Take the data below and extract the lines from the one with "Definition ramsey_num (cls" to the one with "would lie on", inclusive, exactly as written.
★ ★ ★
(* Let $k\geq 4$ and $j\geq k+2$ be integers. Then $$j+\Big\lfloor\frac{j-1}{k+1}\Big\rfloor\leq R_k^{\mathcal{CA}}(k+3,j)\leq j-1+\Big\lceil\frac{j-1}{k}\Big\rceil,$$ where $\mathcal{CA}$ is the class of cacti.
   Context: All graphs are finite and simple. For a graph $G$ and a nonnegative integer $k$, a $k$-sparse $j$-set is a set of $j$ vertices of $G$ inducing a subgraph of maximum degree at most $k$; a $k$-dense $i$-set is a set of $i$ vertices of $G$ that is $k$-sparse in the complement of $G$. For a graph class $\mathcal{G}$, $R_k^{\mathcal{G}}(i,j)$ is the smallest natural number $n$ such that every graph on $n$ vertices in $\mathcal{G}$ has either a $k$-dense $i$-set or a $k$-sparse $j$-set. A cactus is a graph (not necessarily connected) in which every block is a cycle, a single edge, or a single vertex. *)

From mathcomp Require Import all_boot.
From Stdlib Require Import ClassicalEpsilon.
Set Implicit Arguments. Unset Strict Implicit. Unset Printing Implicit Defensive.

Definition simple_graph (T : finType) (e : rel T) : Prop :=
  symmetric e /\ irreflexive e.

Definition deg_in (T : finType) (e : rel T) (S : {set T}) (x : T) : nat :=
  #|[set y in S | e x y]|.

Definition sparse_set (T : finType) (e : rel T) (k j : nat) (S : {set T}) : Prop :=
  #|S| = j /\ forall x, x \in S -> deg_in e S x <= k.

Definition compl_graph (T : finType) (e : rel T) : rel T :=
  fun x y => (x != y) && ~~ e x y.

Definition dense_set (T : finType) (e : rel T) (k i : nat) (S : {set T}) : Prop :=
  sparse_set (compl_graph e) k i S.

Definition induced_rel (T : finType) (e : rel T) (B : {set T}) : rel T :=
  fun x y => [&& x \in B, y \in B & e x y].

(* G[B] is connected (the empty graph counts as connected). *)
Definition connected_in (T : finType) (e : rel T) (B : {set T}) : Prop :=
  forall x y, x \in B -> y \in B -> connect (induced_rel e B) x y.

Definition nonseparable_in (T : finType) (e : rel T) (B : {set T}) : Prop :=
  B != set0 /\ connected_in e B /\
  forall v, v \in B -> connected_in e (B :\ v).

(* B is (the vertex set of) a block: a maximal connected subgraph without a
   cut vertex (blocks are induced subgraphs). *)
Definition is_block (T : finType) (e : rel T) (B : {set T}) : Prop :=
  nonseparable_in e B /\
  forall B' : {set T}, B \subset B' -> nonseparable_in e B' -> B' = B.

Definition is_cycle_in (T : finType) (e : rel T) (B : {set T}) : Prop :=
  3 <= #|B| /\ connected_in e B /\ forall x, x \in B -> deg_in e B x = 2.

Definition is_edge_in (T : finType) (e : rel T) (B : {set T}) : Prop :=
  exists x y, x != y /\ e x y /\ B = [set x; y].

Definition is_vertex_in (T : finType) (B : {set T}) : Prop :=
  exists x, B = [set x].

Definition cactus (T : finType) (e : rel T) : Prop :=
  forall B : {set T}, is_block e B -> [\/ is_cycle_in e B, is_edge_in e B | is_vertex_in B].

Definition graph_class := forall n : nat, rel 'I_n -> Prop.

Definition cacti : graph_class := fun n e => cactus e.

Definition ramsey_prop (cls : graph_class) (k i j n : nat) : Prop :=
  forall e : rel 'I_n, simple_graph e -> cls n e ->
    (exists S, dense_set e k i S) \/ (exists S, sparse_set e k j S).

(* R_k^G(i,j): the smallest n with ramsey_prop (arbitrary if none exists). *)
Definition ramsey_num (cls : graph_class) (k i j : nat) : nat :=
  epsilon (inhabits 0%N)
    (fun n => ramsey_prop cls k i j n /\
              forall m, ramsey_prop cls k i j m -> n <= m).

(* Upper bound: for k >= 2, every vertex set S of a cactus contains a set D
   with (k+1)|D| <= |S| - 1 whose deletion leaves maximum degree at most k; on
   j - 1 + ceil((j-1)/k) vertices what remains has at least j vertices.  D is
   built one vertex at a time.  Root the component of a neighbour of a vertex
   of degree > k and take a lowest vertex t having such a vertex below it.  A
   vertex of a cactus has at most two neighbours that are not below it (three
   would lie on two cycles through it sharing an edge), so near t one finds a
   set X of at least k+1 vertices and z in X such that deleting z makes X and
   its neighbourhood sparse; then recurse on S minus X.
   Lower bound: n - (j-1) disjoint stars K_{1,k+1} plus isolated vertices.
   Every nonempty vertex set contains a vertex of degree at most 1, whereas
   all degrees in a k-dense (k+3)-set are at least 2; and a k-sparse set
   misses a vertex of every star, so it has at most j - 1 vertices. *)

From mathcomp Require Import all_boot.
From mathcomp Require Import zify.
From Stdlib Require Import ClassicalEpsilon.
Set Implicit Arguments. Unset Strict Implicit. Unset Printing Implicit Defensive.

Section InducedSubgraphs.
Variables (T : finType) (e : rel T).
Implicit Types (A B S : {set T}) (x y u v w r : T).

Lemma induced_rel_sym A : symmetric e -> symmetric (induced_rel e A).
Proof. by move=> es x y; rewrite /induced_rel es andbCA. Qed.

Lemma connect_induced_sym A : symmetric e -> connect_sym (induced_rel e A).
Proof. by move=> es; apply/sym_connect_sym/induced_rel_sym. Qed.

Lemma induced_relS A B : A \subset B -> subrel (induced_rel e A) (induced_rel e B).
Proof.
move=> /subsetP sAB x y /and3P[xA yA exy].
by rewrite /induced_rel (sAB x xA) (sAB y yA) exy.
Qed.

Lemma induced_rel_sub A : subrel (induced_rel e A) e.
Proof. by move=> x y /and3P[]. Qed.

Lemma connect_inducedS A B x y : A \subset B ->
  connect (induced_rel e A) x y -> connect (induced_rel e B) x y.
Proof. by move=> sAB; apply: connect_sub => u w /(induced_relS sAB)/connect1. Qed.

Lemma connect_induced1 A x y :
  x \in A -> y \in A -> e x y -> connect (induced_rel e A) x y.
Proof. by move=> xA yA exy; apply: connect1; rewrite /induced_rel xA yA. Qed.

Lemma path_inducedE A x p : x \in A ->
  path (induced_rel e A) x p = path e x p && all (mem A) p.
Proof.
elim: p x => [|y p IHp] x xA //=.
rewrite /induced_rel xA /=; case yA: (y \in A); last by rewrite /= !andbF.
by rewrite IHp // andbA.
Qed.

Lemma path_induced_all A x p : path (induced_rel e A) x p -> all (mem A) p.
Proof.
by elim: p x => [|y p IHp] x //= /andP[/and3P[_ yA _] /IHp]; rewrite yA.
Qed.

Lemma path_induced_connected A x p : symmetric e ->
  path e x p -> x \in A -> all (mem A) p ->
  {in x :: p &, forall y z, connect (induced_rel e A) y z}.
Proof.
move=> es ep xA pA y z yp zp.
have xpA : path (induced_rel e A) x p by rewrite path_inducedE ?ep.
apply: connect_trans (path_connect xpA zp).
by rewrite connect_induced_sym // (path_connect xpA yp).
Qed.

Lemma connect_induced_step A x y : connect (induced_rel e A) x y -> x != y ->
  exists z, [/\ x \in A, z \in A, e x z & connect (induced_rel e A) z y].
Proof.
move=> /connectP[[|z p] /= xp ->]; first by rewrite eqxx.
by case/andP: xp => /and3P[xA zA exz] zp _; exists z; split=> //; apply/connectP; exists p.
Qed.

Lemma connect_induced_setD1 A u r : u != r -> ~~ connect (induced_rel e (A :\ r)) u r.
Proof.
move=> ur; apply/negP => /connectP[p up rE].
have: r \in u :: p by rewrite rE mem_last.
rewrite inE eq_sym (negbTE ur) => /(allP (path_induced_all up)).
by rewrite !inE eqxx.
Qed.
★ ★ ★
▶ Result below:
Definition ramsey_num (cls : graph_class) (k i j : nat) : nat :=
  epsilon (inhabits 0%N)
    (fun n => ramsey_prop cls k i j n /\
              forall m, ramsey_prop cls k i j m -> n <= m).

(* Upper bound: for k >= 2, every vertex set S of a cactus contains a set D
   with (k+1)|D| <= |S| - 1 whose deletion leaves maximum degree at most k; on
   j - 1 + ceil((j-1)/k) vertices what remains has at least j vertices.  D is
   built one vertex at a time.  Root the component of a neighbour of a vertex
   of degree > k and take a lowest vertex t having such a vertex below it.  A
   vertex of a cactus has at most two neighbours that are not below it (three
   would lie on two cycles through it sharing an edge), so near t one finds a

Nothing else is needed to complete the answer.